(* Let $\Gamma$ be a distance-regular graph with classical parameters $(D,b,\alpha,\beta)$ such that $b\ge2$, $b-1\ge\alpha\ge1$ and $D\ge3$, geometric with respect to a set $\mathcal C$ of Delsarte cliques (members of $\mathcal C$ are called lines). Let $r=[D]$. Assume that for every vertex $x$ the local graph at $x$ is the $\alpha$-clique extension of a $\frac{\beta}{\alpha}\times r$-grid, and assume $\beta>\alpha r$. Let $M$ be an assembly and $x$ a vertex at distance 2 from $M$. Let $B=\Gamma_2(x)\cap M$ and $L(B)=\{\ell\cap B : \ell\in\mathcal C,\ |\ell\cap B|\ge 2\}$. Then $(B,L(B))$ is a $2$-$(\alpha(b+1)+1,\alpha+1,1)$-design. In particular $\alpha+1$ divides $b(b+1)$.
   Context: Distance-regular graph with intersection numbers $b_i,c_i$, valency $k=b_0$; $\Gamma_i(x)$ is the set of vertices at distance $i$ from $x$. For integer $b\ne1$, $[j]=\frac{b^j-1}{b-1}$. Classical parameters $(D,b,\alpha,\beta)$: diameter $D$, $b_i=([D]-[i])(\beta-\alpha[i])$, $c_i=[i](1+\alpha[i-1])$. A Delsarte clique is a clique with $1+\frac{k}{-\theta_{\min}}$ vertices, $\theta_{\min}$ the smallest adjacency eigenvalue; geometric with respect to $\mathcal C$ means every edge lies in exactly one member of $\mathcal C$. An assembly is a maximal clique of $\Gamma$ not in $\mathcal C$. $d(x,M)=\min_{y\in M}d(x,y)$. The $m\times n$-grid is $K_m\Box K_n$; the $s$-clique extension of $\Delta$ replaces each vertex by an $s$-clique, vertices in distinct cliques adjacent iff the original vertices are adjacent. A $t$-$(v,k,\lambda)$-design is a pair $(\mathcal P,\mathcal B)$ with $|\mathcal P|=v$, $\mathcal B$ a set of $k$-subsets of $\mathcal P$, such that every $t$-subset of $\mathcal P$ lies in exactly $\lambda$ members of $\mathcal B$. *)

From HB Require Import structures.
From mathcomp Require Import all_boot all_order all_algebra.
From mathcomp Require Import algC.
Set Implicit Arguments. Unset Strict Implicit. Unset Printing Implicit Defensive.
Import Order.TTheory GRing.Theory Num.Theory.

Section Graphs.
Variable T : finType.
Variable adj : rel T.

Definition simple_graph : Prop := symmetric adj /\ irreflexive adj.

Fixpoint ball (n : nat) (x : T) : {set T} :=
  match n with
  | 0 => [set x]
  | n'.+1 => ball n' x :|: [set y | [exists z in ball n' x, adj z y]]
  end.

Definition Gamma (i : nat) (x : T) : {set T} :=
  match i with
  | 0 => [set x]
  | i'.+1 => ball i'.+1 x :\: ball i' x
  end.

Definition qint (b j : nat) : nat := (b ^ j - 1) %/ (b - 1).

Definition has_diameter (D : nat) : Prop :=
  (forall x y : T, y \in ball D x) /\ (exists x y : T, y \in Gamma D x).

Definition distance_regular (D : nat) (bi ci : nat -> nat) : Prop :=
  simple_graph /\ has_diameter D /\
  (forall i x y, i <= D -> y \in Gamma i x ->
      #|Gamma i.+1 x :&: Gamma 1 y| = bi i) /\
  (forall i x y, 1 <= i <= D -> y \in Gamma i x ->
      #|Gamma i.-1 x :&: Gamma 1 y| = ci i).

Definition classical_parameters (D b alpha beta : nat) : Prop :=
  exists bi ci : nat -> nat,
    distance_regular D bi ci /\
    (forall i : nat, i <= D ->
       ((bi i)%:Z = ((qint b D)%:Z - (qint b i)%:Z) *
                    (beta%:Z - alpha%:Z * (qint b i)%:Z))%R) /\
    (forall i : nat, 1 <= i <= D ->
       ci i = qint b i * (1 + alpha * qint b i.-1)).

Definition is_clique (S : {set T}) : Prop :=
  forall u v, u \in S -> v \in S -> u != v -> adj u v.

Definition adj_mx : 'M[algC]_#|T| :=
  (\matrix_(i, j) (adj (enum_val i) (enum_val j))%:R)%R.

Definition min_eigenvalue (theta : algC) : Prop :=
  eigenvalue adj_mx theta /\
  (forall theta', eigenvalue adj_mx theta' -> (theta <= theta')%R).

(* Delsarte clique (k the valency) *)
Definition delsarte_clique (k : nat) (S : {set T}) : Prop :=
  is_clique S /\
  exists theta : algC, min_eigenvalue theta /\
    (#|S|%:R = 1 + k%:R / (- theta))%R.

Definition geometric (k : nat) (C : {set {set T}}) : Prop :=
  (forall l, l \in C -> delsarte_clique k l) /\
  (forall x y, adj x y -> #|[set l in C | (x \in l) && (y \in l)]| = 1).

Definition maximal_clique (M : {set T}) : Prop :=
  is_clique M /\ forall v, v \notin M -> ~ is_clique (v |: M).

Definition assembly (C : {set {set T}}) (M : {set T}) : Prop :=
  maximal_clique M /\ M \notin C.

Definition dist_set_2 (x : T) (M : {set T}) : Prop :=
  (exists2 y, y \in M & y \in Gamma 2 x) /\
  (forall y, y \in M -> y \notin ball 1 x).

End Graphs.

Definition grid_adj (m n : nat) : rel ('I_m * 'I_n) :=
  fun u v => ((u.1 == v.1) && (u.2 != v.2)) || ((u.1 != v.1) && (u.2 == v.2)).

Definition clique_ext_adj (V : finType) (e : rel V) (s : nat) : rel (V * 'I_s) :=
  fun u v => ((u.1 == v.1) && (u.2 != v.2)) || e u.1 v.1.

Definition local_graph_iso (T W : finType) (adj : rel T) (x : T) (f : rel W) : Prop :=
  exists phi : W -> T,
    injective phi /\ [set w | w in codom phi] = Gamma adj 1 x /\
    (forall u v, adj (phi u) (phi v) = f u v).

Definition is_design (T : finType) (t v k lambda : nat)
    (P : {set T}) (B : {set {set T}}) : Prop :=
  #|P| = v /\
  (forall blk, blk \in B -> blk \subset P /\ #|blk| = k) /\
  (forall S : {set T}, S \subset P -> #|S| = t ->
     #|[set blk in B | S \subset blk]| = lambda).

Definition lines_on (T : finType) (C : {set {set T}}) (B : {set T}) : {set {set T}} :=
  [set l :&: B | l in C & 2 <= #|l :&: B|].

************

:: Problem to solve ::
Please work out the number of lines in the listing that hold "Variable". Nothing besides the number is wanted.

:: Task answer ::
2